CPAC and Egypt: A Missed Opportunity


CPAC and Egypt: A Missed Opportunity

Gage SkidmoreGage Skidmore

Ambassador John Bolton was one of two speaker at this years CPAC meeting to offer any substantative details on Egypt. His speech largely reflected the typical line of attack on President Obama and his administration’s foreign policy. Bolton suggested that Obama is ignoring the dangers posed by the Muslim Brotherhood should they be included in a future Egyptian government. Bolton has essentially ignored the reality that the Muslim Brotherhood will most likely be represented in the future government. While John Bolton’s chances of securing the nomination are nil he implored the conservative audience to “work to return national security to the center of our political debate over the next two years, and thereby help to make Barack Obama a one-term president.”

With the exception of Ron Paul’s advocacy for an isolationist foreign policy the GOP largely avoided any mention of Egypt or what their individual visions of America’s foreign policy would be under their watches. According to Rep. Paul “We need to do a lot less, a lot sooner, not only in Egypt but around the world…they’re upset with us for propping up that puppet dictator for 30 years.” The presumed front-runners at CPAC missed an important opportunity. By ignoring the realities unfolding in the Arab world they are portraying a GOP that largely agrees with how Obama has handled his first foreign policy crises. They are essentially ceding the ground to the president and allowing him to drive the overall narrative.

The Executive Branch is often seen as the authority on foreign policy and with that perception the president has freedom of movement. Because well respected Republican Senators have more or less approved of his handling of the revolution in Egypt, criticisms by potential presidential candidates are less significant.

While the speakers by and large were not reserved with their criticism of the president their lines of attacks were largely an echo of the arguments from the 2008 presidential election and those made daily by Glenn Beck, Sarah Palin and their conservative cohorts. Speaking Friday at CPAC former Gov. Tim Pawlenty (R-MN) asserted, “When the United States of America protects its national security interests here and around the world, we need to do it with strength.” The former governor continued “We need to get tough with our enemies, not our friends…And one more thing: Mr. President stop apologizing for our country. Terrorists and tyrants have much to apologize for. America does not.”

Pawlenty seems to have forgotten that Dick Cheney has even shown a modicum of respect for President Obama’s handling of Afghanistan and his continuation of many of the Bush administrations terrorism policies. Rather than express an acknowledgment of this fact, Pawlenty added “Bullies respect strength. They don’t respect weakness.” Pawlenty is glossing over the fact that President Obama has killed or captured a significant number Taliban and Al Qaeda fighters in the mountains between Pakistan and Afghanistan. By some estimates more than President Bush. Obama has also increased our troop presence in Afghanistan by the thousands.

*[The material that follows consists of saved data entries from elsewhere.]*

(* Coefficientwise this is [(lam + gam n) / (lam + gam n) = 1]. *)
Lemma lerch_PSeries_equation z : Rabs z < 1 ->
  lam * PSeries (lerch_coef lam gam) z
    + gam * z * PSeries (PS_derive (lerch_coef lam gam)) z = / (1 - z).
Proof.
  intros Hz. pose proof (CV_radius_lerch_coef z Hz) as Hr.
  assert (HP := PSeries_correct _ _ (CV_radius_inside _ _ Hr)).
  assert (HD := is_pseries_incr_1 _ _ _ (PSeries_correct _ _ (ex_pseries_derive _ _ Hr))).
  assert (Hsum := is_pseries_plus _ _ _ _ _
    (is_pseries_scal lam _ _ _ (Rmult_comm _ _) HP)
    (is_pseries_scal gam _ _ _ (Rmult_comm _ _) HD)).
  apply (is_pseries_ext _ (fun _ => 1)) in Hsum.
  - rewrite <- (is_pseries_unique _ _ _ (is_pseries_const_1 z Hz)),
      (is_pseries_unique _ _ _ Hsum).
    unfold plus, scal; simpl; unfold mult; simpl. ring.
  - intros [|n]; unfold PS_plus, PS_scal, PS_incr_1, PS_derive, lerch_coef;
      cbn -[INR].
    + rewrite Rmult_0_r, Rplus_0_r. field. lra.
    + pose proof (lerch_coef_den_pos (S n)). field. lra.
Qed.

Lemma PSeries_lerch_coef z : Rabs z < 1 ->
  PSeries (lerch_coef lam gam) z = / lam + z / gam * LerchPhi z 1 (1 + lam / gam).
Proof.
  intros Hz.
  assert (Hex : ex_series (fun n => lerch_coef lam gam n * z ^ n)).
  { apply ex_series_Rabs, CV_disk_inside, CV_radius_lerch_coef, Hz. }
  unfold PSeries, LerchPhi. rewrite Series_incr_1 by exact Hex. rewrite <- Series_scal_l.
  f_equal.
  - unfold lerch_coef. simpl. field. lra.
  - apply Series_ext. intros n.
    assert (0 < lam / gam) by (apply Rdiv_lt_0_compat; lra).
    pose proof (pos_INR n).
    rewrite Rpower_1 by lra.
    unfold lerch_coef. rewrite S_INR. simpl. field. split; nra.
Qed.

End LerchSeries.
Lemma g0_subword_eq x y p l : x p = y p ->
  isBlock' (subword x p l) -> isBlock' (subword y p l) ->
  g0' (subword x p l) = g0' (subword y p l).
Proof.
move=> xy_p /isBlock_subword[tx|kx|->] /isBlock_subword[ty|ky|l1];
  try by rewrite ?subword1 ?xy_p.
- by rewrite (g0_tg tx) (g0_tg ty).
- by case/negP: (tg_kakg_first_letter tx ky); rewrite xy_p.
- by case: tx; rewrite l1.
- by case/negP: (tg_kakg_first_letter ty kx); rewrite xy_p.
- by rewrite (g0_kakg kx) (g0_kakg ky).
- by case: kx; rewrite l1.
Qed.

Section Divergence.
Variables (x y : nat -> nat) (n j p : nat).
Hypotheses (x_Omega : inOmega' x) (y_Omega : inOmega' y)
  (xy : forall i, i < n -> x i = y i)
  (bpos_x : bpos' x j = p) (bpos_y : bpos' y j = p) (p_lt : p < n - 2)
  (shorter : blockLen' x p < blockLen' y p).

Let g_block_x i : p <= i < p + blockLen' x p ->
  g' x i = nth 0 (g0' (subword x p (blockLen' x p))) (i - p).
Proof. by rewrite -bpos_x; apply: g_block. Qed.

Let g_block_y i : p <= i < p + blockLen' y p ->
  g' y i = nth 0 (g0' (subword y p (blockLen' y p))) (i - p).
Proof. by rewrite -bpos_y; apply: g_block. Qed.

Let longer_block_exceeds : n < p + blockLen' y p.
Proof.
rewrite ltnNge; apply/negP=> within; have [blk_y _] := blockLen_spec p y_Omega.
suff : blockLen' y p <= blockLen' x p by rewrite leqNgt shorter.
by apply: (blockLen_max x_Omega _ blk_y) => o o_lt; apply: xy; lia.
Qed.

When Mitt Romney addressed the crowd he rehashed a few similar arguments and faulted the president for not supporting the protesters in Iran but left out any mention of the protestors in Egypt. “The President who touted his personal experience as giving him special insight into foreign affairs was caught unprepared when Iranian citizens rose up against oppression. His proposed policy of engagement with Iran and North Korea won him the Nobel Peace Prize. How’s that worked out?”

Gov. Romney it appears has forgotten that North Korea perplexed the former Bush administration and it was left unresolved when President Obama took over. While Obama certainly stumbled initially as protests enveloped the streets of Tehran, the administration has unilaterally enacted some of the toughest economic sanctions that Iran has ever experienced. The administration has also conducted covert cyber warfare operations in conjunction with the Israelis which have disrupted the Iranian nuclear program at Natanz.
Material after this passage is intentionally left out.